*** DATA SECTION ***

(* Let $X=\varprojlim X_np_n$ be a reduced regular projective limit of vector lattices $(X_n,\le_n)$. For every additive positive function $a\colon X\to\mathbb R$ there exist $n_a\in\mathbb N$ and additive positive functions $a_n\colon X_n\to\mathbb R$, $n\ge n_a$, such that $a(x)=a_n(\operatorname{pr}_nx)$ for all $x\in X$ and all $n\ge n_a$. Conversely, if $a_n\colon X_n\to\mathbb R$ is additive and positive, then $a:=a_n\circ\operatorname{pr}_n$ is an additive positive function on $X$. The same statements hold with ''additive positive'' replaced by ''difference of two additive positive functions''.
   Context: All vector spaces are real. Let $(X_n,\le_n)_{n\in\mathbb N}$ be ordered vector spaces and $p_n\colon X_{n+1}\to X_n$ positive linear maps. The projective limit $X=\varprojlim X_np_n$ is the vector subspace $\{x=(x_n)\in\prod_nX_n:\ x_n=p_n(x_{n+1})\ \text{for all }n\}$ with the coordinatewise order; $\operatorname{pr}_nx=x_n$. It is regular if all $X_n$ are vector lattices and each $p_n$ preserves suprema of finite sets, and reduced if $\operatorname{pr}_nX=X_n$ for all $n$. A function $a$ between additive semigroups is additive if $a(x_1+x_2)=a(x_1)+a(x_2)$; a function $a$ between ordered vector spaces is positive if $a(x)\ge0$ whenever $x\ge0$. *)

From Stdlib Require Import Reals List.
Open Scope R_scope.
Set Implicit Arguments.

Record OVS := {
  car :> Type;
  vzero : car;
  vadd : car -> car -> car;
  vopp : car -> car;
  vscal : R -> car -> car;
  vle : car -> car -> Prop;
  vaddA : forall x y z, vadd x (vadd y z) = vadd (vadd x y) z;
  vaddC : forall x y, vadd x y = vadd y x;
  vadd0 : forall x, vadd x vzero = x;
  vaddN : forall x, vadd x (vopp x) = vzero;
  vscal1 : forall x, vscal 1 x = x;
  vscalA : forall s t x, vscal s (vscal t x) = vscal (s * t) x;
  vscalDr : forall t x y, vscal t (vadd x y) = vadd (vscal t x) (vscal t y);
  vscalDl : forall s t x, vscal (s + t) x = vadd (vscal s x) (vscal t x);
  vle_refl : forall x, vle x x;
  vle_antisym : forall x y, vle x y -> vle y x -> x = y;
  vle_trans : forall x y z, vle x y -> vle y z -> vle x z;
  vle_add : forall x y z, vle x y -> vle (vadd x z) (vadd y z);
  vle_scal : forall t x y, 0 <= t -> vle x y -> vle (vscal t x) (vscal t y)
}.

Record PosLin (A B : OVS) := {
  pl_fun :> car A -> car B;
  pl_add : forall x y, pl_fun (vadd A x y) = vadd B (pl_fun x) (pl_fun y);
  pl_scal : forall t x, pl_fun (vscal A t x) = vscal B t (pl_fun x);
  pl_pos : forall x, vle A (vzero A) x -> vle B (vzero B) (pl_fun x)
}.

Definition is_sup (V : OVS) (S : list (car V)) (s : car V) : Prop :=
  (forall y, In y S -> vle V y s) /\
  (forall u, (forall y, In y S -> vle V y u) -> vle V s u).

Definition is_vector_lattice (V : OVS) : Prop :=
  forall x y : car V, exists s, is_sup V (x :: y :: nil) s.

Definition preserves_finite_sups (A B : OVS) (p : car A -> car B) : Prop :=
  forall (S : list (car A)) (s : car A), S <> nil ->
    is_sup A S s -> is_sup B (map p S) (p s).

Definition plim (X : nat -> OVS) (p : forall n, PosLin (X (S n)) (X n)) : Type :=
  { x : forall n, car (X n) | forall n, x n = p n (x (S n)) }.

Definition pr (X : nat -> OVS) (p : forall n, PosLin (X (S n)) (X n))
  (n : nat) (x : plim X p) : car (X n) := proj1_sig x n.

Definition plim_add (X : nat -> OVS) (p : forall n, PosLin (X (S n)) (X n))
  (x y : plim X p) : plim X p.
Proof.
  refine (exist _ (fun n => vadd (X n) (proj1_sig x n) (proj1_sig y n)) _).
  intro n. rewrite (pl_add (p n)). rewrite <- (proj2_sig x n), <- (proj2_sig y n).
  reflexivity.
Defined.

Definition plim_nonneg (X : nat -> OVS) (p : forall n, PosLin (X (S n)) (X n))
  (x : plim X p) : Prop := forall n, vle (X n) (vzero (X n)) (proj1_sig x n).

Definition is_regular (X : nat -> OVS) (p : forall n, PosLin (X (S n)) (X n)) : Prop :=
  (forall n, is_vector_lattice (X n)) /\
  (forall n, @preserves_finite_sups (X (S n)) (X n) (pl_fun (p n))).

Definition is_reduced (X : nat -> OVS) (p : forall n, PosLin (X (S n)) (X n)) : Prop :=
  forall n (y : car (X n)), exists x : plim X p, pr n x = y.

Definition additive {T : Type} (add : T -> T -> T) (a : T -> R) : Prop :=
  forall x1 x2, a (add x1 x2) = a x1 + a x2.

Definition positive {T : Type} (nonneg : T -> Prop) (a : T -> R) : Prop :=
  forall x, nonneg x -> 0 <= a x.

Definition add_pos {T : Type} (add : T -> T -> T) (nonneg : T -> Prop) (a : T -> R) :=
  additive add a /\ positive nonneg a.

Definition diff_add_pos {T : Type} (add : T -> T -> T) (nonneg : T -> Prop) (a : T -> R) :=
  exists b c, add_pos add nonneg b /\ add_pos add nonneg c /\ forall x, a x = b x - c x.

Definition addV (V : OVS) := vadd V.
Definition nonnegV (V : OVS) (x : car V) : Prop := vle V (vzero V) x.

(* An additive positive a on X cannot "see" arbitrarily deep coordinates: if for
   every N some x with pr_N x = 0 had a x <> 0, then (taking positive parts, which
   exist in X by regularity, and integer multiples) one finds u_N >= 0 with
   pr_N u_N = 0 and a u_N >= 1.  The series w = sum_N u_N is a well-defined element
   of X, since its k-th coordinate is a finite sum, and w dominates every partial
   sum, so a w >= M for all M, which is absurd.  Hence a vanishes on the kernel of
   some pr_na, so for n >= na it factors through pr_n, which is onto by reducedness;
   positive parts again show that the factor is positive. *)
From Pilot Require Import Defs.
From Stdlib Require Import Reals Arith Lia Lra List.
From Stdlib Require Import Classical ClassicalEpsilon FunctionalExtensionality ProofIrrelevance.
Open Scope R_scope.

Section OrderedVectorSpace.

Variable V : OVS.

Lemma vadd0l (x : car V) : vadd V (vzero V) x = x.
Proof. rewrite vaddC, vadd0. reflexivity. Qed.

Lemma vadd_idem_eq0 (x : car V) : vadd V x x = x -> x = vzero V.
Proof.
  intro H. rewrite <- (vaddN V x). rewrite <- H at 2.
  rewrite <- vaddA, vaddN, vadd0. reflexivity.
Qed.

Lemma vopp_uniq (x y : car V) : vadd V x y = vzero V -> y = vopp V x.
Proof.
  intro H. rewrite <- (vadd0l y), <- (vaddN V x), (vaddC V x (vopp V x)).
  rewrite <- vaddA, H, vadd0. reflexivity.
Qed.

Lemma vopp0 : vopp V (vzero V) = vzero V.
Proof. symmetry. apply vopp_uniq, vadd0. Qed.

Lemma vaddNKC (x y : car V) : vadd V y (vadd V x (vopp V y)) = x.
Proof. rewrite (vaddC V x), vaddA, vaddN, vadd0l. reflexivity. Qed.

Lemma vle_subr_ge0 (x y : car V) : vle V x y -> vle V (vzero V) (vadd V y (vopp V x)).
Proof. intro H. rewrite <- (vaddN V x). apply vle_add, H. Qed.

Lemma vle_addr (x y : car V) : vle V (vzero V) y -> vle V x (vadd V x y).
Proof.
  intro H. rewrite <- (vadd0l x) at 1. rewrite (vaddC V x y). apply vle_add, H.
Qed.

Lemma vadd_ge0 (x y : car V) :
  vle V (vzero V) x -> vle V (vzero V) y -> vle V (vzero V) (vadd V x y).
Proof. intros Hx Hy. apply (vle_trans V _ x); [exact Hx | apply vle_addr, Hy]. Qed.

Lemma is_sup_unique (S : list (car V)) (s1 s2 : car V) :
  is_sup V S s1 -> is_sup V S s2 -> s1 = s2.
Proof.
  intros [H1 H1'] [H2 H2']. apply vle_antisym; [apply H1' | apply H2']; assumption.
Qed.

Lemma is_sup_ge0 (y : car V) : vle V (vzero V) y -> is_sup V (y :: vzero V :: nil) y.
Proof.
  intro H. split.
  - intros z [<- | [<- | []]]; [apply vle_refl | exact H].
  - intros u Hu. apply Hu. left. reflexivity.
Qed.

End OrderedVectorSpace.

Section PositiveLinearMap.

Variables A B : OVS.
Variable f : PosLin A B.

Lemma pl_zero : f (vzero A) = vzero B.
Proof. apply vadd_idem_eq0. rewrite <- pl_add, vadd0. reflexivity. Qed.

Lemma pl_opp (x : car A) : f (vopp A x) = vopp B (f x).
Proof. apply vopp_uniq. rewrite <- pl_add, vaddN. apply pl_zero. Qed.

End PositiveLinearMap.

Section ProjectiveLimit.

Variable X : nat -> OVS.
Variable p : forall n, PosLin (X (S n)) (X n).

Local Notation plim := (plim X p).
Local Notation pr := (@pr X p).
Local Notation plim_add := (@plim_add X p).
Local Notation plim_nonneg := (@plim_nonneg X p).

Lemma plim_eq (x y : plim) : (forall n, pr n x = pr n y) -> x = y.
Proof.
  destruct x as [x hx], y as [y hy]. unfold pr. simpl. intro H.
  assert (x = y) by (apply functional_extensionality_dep; exact H). subst y.
  f_equal. apply proof_irrelevance.
Qed.

Definition plim_zero : plim.
Proof.
  refine (exist _ (fun n => vzero (X n)) _). intro n. symmetry. apply pl_zero.
Defined.

Definition plim_opp (x : plim) : plim.
Proof.
  refine (exist _ (fun n => vopp (X n) (pr n x)) _).
  intro n. unfold pr. rewrite (proj2_sig x n) at 1. symmetry. apply pl_opp.
Defined.

Definition plim_sub (x y : plim) : plim := plim_add x (plim_opp y).

Lemma pr_eq0_le (x : plim) (n k : nat) :
  pr n x = vzero (X n) -> (k <= n)%nat -> pr k x = vzero (X k).
Proof.
  intros H Hk. induction n as [|n IH].
  - replace k with 0%nat by lia. exact H.
  - destruct (Nat.eq_dec k (S n)) as [-> | Hne]; [exact H |].
    apply IH; [| lia]. unfold pr in *. rewrite (proj2_sig x n), H. apply pl_zero.
Qed.

Fixpoint plim_psum (u : nat -> plim) (m : nat) : plim :=
  match m with
  | O => plim_zero
  | S m => plim_add (plim_psum u m) (u m)
  end.

Lemma plim_psum_nonneg (u : nat -> plim) (m : nat) :
  (forall i, plim_nonneg (u i)) -> plim_nonneg (plim_psum u m).
Proof.
  intros Hu. induction m as [|m IH]; intro k; simpl.
  - apply vle_refl.
  - apply vadd_ge0; [apply IH | apply Hu].
Qed.

Lemma pr_psum_eq0 (u : nat -> plim) (k m : nat) :
  (forall i, pr k (u i) = vzero (X k)) -> pr k (plim_psum u m) = vzero (X k).
Proof.
  intros Hu. induction m as [|m IH]; [reflexivity |].
  change (vadd (X k) (pr k (plim_psum u m)) (pr k (u m)) = vzero (X k)).
  rewrite IH, Hu. apply vadd0.
Qed.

***

TASK GOAL ▸ Your answer should consist only of the lines above between the line holding "vaddC : forall x y, vadd x y = vadd y x;" and the line holding "vle_trans : forall", inclusive, each transcribed exactly.

FINISHED EXERCISE ▸
  vaddC : forall x y, vadd x y = vadd y x;
  vadd0 : forall x, vadd x vzero = x;
  vaddN : forall x, vadd x (vopp x) = vzero;
  vscal1 : forall x, vscal 1 x = x;
  vscalA : forall s t x, vscal s (vscal t x) = vscal (s * t) x;
  vscalDr : forall t x y, vscal t (vadd x y) = vadd (vscal t x) (vscal t y);
  vscalDl : forall s t x, vscal (s + t) x = vadd (vscal s x) (vscal t x);
  vle_refl : forall x, vle x x;
  vle_antisym : forall x y, vle x y -> vle y x -> x = y;
  vle_trans : forall x y z, vle x y -> vle y z -> vle x z;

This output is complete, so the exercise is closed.